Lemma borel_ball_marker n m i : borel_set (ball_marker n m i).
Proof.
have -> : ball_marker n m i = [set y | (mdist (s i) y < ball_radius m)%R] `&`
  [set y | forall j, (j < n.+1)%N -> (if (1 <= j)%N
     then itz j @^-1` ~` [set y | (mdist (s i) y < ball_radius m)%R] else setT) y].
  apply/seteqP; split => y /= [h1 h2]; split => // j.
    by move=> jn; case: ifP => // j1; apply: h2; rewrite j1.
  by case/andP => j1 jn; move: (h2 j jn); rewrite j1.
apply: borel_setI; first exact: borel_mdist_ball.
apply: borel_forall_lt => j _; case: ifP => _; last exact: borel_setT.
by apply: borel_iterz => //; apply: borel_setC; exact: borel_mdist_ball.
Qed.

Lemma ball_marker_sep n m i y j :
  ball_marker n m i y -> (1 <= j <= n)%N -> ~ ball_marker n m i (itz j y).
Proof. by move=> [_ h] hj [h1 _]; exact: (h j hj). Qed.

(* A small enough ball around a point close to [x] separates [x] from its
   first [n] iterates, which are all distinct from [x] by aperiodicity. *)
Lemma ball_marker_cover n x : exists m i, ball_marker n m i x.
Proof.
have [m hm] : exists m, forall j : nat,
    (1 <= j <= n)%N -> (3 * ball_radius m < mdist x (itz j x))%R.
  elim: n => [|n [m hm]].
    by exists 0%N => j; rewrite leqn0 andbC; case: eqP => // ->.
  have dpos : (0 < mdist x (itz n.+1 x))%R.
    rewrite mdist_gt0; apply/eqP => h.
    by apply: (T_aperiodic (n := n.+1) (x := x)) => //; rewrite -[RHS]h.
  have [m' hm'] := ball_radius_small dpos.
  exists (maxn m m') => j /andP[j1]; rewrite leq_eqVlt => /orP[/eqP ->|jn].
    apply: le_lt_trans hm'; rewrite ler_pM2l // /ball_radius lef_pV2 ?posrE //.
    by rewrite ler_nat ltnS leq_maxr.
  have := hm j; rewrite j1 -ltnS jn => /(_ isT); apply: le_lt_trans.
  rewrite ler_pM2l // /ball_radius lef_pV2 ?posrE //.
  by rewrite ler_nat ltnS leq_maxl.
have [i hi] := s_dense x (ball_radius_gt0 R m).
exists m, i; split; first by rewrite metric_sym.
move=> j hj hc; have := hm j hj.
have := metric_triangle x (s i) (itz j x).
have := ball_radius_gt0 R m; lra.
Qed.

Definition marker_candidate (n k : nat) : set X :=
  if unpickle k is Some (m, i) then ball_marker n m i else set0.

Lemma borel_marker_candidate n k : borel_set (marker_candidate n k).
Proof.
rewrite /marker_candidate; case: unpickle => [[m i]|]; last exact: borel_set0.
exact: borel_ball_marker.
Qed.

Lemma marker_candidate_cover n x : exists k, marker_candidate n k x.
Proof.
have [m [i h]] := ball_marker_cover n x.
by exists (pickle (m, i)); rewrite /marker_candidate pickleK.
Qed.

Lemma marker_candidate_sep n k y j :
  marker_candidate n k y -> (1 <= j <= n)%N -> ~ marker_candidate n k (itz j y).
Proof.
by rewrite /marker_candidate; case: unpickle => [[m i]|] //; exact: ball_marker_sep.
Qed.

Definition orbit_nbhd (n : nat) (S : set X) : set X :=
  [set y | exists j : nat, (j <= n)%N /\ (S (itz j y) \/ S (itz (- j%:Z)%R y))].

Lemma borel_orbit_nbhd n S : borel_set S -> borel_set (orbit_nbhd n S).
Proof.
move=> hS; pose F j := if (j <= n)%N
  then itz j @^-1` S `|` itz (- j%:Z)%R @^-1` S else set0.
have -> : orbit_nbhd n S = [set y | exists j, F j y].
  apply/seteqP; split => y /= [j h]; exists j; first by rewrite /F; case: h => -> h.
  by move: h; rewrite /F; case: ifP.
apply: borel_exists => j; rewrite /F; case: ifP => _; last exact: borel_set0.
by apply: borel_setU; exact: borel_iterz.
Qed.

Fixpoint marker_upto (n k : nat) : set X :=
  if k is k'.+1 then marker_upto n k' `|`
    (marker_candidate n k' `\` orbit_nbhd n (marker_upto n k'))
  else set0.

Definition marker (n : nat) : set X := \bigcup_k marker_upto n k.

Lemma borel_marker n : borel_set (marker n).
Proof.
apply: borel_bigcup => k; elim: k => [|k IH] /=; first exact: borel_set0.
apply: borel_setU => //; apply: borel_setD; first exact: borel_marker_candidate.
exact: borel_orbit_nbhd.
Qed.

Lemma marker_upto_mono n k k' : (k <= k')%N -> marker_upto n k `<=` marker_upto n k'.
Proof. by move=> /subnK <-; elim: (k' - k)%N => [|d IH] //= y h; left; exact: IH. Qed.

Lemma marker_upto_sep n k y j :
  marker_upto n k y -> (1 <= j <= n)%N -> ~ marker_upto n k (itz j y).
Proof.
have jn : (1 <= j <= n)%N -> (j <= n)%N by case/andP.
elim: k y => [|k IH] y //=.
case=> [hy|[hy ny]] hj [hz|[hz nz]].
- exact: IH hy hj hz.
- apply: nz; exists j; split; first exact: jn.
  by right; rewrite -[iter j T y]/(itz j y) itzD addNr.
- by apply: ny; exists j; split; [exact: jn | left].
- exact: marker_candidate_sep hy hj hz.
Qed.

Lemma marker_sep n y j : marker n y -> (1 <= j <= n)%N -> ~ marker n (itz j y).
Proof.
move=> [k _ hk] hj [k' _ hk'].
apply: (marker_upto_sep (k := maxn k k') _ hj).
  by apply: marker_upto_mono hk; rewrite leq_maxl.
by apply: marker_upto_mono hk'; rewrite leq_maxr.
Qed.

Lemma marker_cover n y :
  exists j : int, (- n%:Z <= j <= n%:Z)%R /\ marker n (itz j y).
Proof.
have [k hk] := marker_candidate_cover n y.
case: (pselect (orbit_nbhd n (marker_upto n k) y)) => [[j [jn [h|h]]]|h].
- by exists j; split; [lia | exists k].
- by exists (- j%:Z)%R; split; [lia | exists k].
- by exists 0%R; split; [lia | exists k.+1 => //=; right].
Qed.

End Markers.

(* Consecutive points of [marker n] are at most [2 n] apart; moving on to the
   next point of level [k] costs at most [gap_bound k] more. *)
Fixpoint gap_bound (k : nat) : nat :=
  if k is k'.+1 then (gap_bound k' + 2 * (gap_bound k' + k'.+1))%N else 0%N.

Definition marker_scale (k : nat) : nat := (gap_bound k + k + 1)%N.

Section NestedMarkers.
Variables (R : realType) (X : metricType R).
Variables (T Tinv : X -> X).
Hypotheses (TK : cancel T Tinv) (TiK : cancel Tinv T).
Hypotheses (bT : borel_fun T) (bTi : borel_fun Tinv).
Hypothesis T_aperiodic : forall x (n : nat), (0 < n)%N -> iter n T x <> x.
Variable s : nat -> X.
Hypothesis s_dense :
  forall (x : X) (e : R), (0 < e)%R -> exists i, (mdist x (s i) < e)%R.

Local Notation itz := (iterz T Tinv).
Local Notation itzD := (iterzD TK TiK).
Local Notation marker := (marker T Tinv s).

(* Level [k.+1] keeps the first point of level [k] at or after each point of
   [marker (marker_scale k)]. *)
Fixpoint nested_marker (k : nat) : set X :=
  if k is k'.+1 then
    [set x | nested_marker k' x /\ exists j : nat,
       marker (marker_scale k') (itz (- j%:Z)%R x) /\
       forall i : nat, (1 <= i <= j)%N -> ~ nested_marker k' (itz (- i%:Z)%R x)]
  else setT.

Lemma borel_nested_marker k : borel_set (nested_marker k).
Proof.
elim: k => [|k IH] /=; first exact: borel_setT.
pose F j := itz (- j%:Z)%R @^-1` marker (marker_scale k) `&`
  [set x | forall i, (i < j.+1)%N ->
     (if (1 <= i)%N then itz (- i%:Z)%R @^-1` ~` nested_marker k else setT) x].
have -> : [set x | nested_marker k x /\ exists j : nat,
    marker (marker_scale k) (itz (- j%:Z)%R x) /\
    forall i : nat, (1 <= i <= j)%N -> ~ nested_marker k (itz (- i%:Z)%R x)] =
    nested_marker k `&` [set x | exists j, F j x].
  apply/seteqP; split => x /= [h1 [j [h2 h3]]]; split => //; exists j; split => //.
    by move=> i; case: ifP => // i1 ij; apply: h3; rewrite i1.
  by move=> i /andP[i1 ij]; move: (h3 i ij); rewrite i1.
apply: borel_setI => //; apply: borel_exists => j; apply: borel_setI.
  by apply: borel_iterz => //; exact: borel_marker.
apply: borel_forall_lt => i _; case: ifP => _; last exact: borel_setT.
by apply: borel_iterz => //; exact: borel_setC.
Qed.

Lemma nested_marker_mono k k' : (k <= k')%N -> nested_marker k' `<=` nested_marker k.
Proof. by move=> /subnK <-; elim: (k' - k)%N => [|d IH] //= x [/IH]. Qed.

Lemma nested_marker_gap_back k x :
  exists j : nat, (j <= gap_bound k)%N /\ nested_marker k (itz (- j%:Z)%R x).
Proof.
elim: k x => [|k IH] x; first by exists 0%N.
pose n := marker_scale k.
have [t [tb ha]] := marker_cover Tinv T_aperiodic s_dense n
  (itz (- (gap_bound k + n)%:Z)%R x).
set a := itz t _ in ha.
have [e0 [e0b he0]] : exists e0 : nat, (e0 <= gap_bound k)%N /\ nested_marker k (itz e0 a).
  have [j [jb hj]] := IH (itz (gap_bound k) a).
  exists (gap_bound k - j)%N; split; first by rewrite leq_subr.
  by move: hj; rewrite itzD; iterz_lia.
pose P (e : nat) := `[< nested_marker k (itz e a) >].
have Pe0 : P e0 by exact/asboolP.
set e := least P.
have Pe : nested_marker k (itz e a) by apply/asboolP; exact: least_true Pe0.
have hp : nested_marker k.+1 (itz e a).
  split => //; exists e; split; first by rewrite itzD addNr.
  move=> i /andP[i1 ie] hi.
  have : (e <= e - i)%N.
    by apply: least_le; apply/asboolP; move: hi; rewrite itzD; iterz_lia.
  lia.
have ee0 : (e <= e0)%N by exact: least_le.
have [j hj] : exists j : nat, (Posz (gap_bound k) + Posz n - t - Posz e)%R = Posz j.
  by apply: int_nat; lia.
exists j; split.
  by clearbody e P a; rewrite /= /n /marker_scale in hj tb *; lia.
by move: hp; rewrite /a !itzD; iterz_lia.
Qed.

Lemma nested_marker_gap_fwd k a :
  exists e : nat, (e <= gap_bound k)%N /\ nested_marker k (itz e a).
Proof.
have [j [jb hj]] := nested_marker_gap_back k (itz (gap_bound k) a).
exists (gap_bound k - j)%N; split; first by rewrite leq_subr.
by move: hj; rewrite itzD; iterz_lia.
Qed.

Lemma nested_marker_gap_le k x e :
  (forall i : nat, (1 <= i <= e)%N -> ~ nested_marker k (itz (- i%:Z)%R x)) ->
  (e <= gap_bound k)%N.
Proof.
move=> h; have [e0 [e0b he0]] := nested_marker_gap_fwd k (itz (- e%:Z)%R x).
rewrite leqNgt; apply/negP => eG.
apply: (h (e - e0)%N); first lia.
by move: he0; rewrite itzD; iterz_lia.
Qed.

________

» TASK TO COMPLETE
Only one stretch of the data above is needed. Restate it word for word, from the line containing "Variables (R : realType) (X : metricType R)." through the line containing "by move=> i /andP[i1", both ends included.

» EXERCISE RESULT
Variables (R : realType) (X : metricType R).
Variables (T Tinv : X -> X).
Hypotheses (TK : cancel T Tinv) (TiK : cancel Tinv T).
Hypotheses (bT : borel_fun T) (bTi : borel_fun Tinv).
Hypothesis T_aperiodic : forall x (n : nat), (0 < n)%N -> iter n T x <> x.
Variable s : nat -> X.
Hypothesis s_dense :
  forall (x : X) (e : R), (0 < e)%R -> exists i, (mdist x (s i) < e)%R.

Local Notation itz := (iterz T Tinv).
Local Notation itzD := (iterzD TK TiK).
Local Notation marker := (marker T Tinv s).

(* Level [k.+1] keeps the first point of level [k] at or after each point of
   [marker (marker_scale k)]. *)
Fixpoint nested_marker (k : nat) : set X :=
  if k is k'.+1 then
    [set x | nested_marker k' x /\ exists j : nat,
       marker (marker_scale k') (itz (- j%:Z)%R x) /\
       forall i : nat, (1 <= i <= j)%N -> ~ nested_marker k' (itz (- i%:Z)%R x)]
  else setT.

Lemma borel_nested_marker k : borel_set (nested_marker k).
Proof.
elim: k => [|k IH] /=; first exact: borel_setT.
pose F j := itz (- j%:Z)%R @^-1` marker (marker_scale k) `&`
  [set x | forall i, (i < j.+1)%N ->
     (if (1 <= i)%N then itz (- i%:Z)%R @^-1` ~` nested_marker k else setT) x].
have -> : [set x | nested_marker k x /\ exists j : nat,
    marker (marker_scale k) (itz (- j%:Z)%R x) /\
    forall i : nat, (1 <= i <= j)%N -> ~ nested_marker k (itz (- i%:Z)%R x)] =
    nested_marker k `&` [set x | exists j, F j x].
  apply/seteqP; split => x /= [h1 [j [h2 h3]]]; split => //; exists j; split => //.
    by move=> i; case: ifP => // i1 ij; apply: h3; rewrite i1.
  by move=> i /andP[i1 ij]; move: (h3 i ij); rewrite i1.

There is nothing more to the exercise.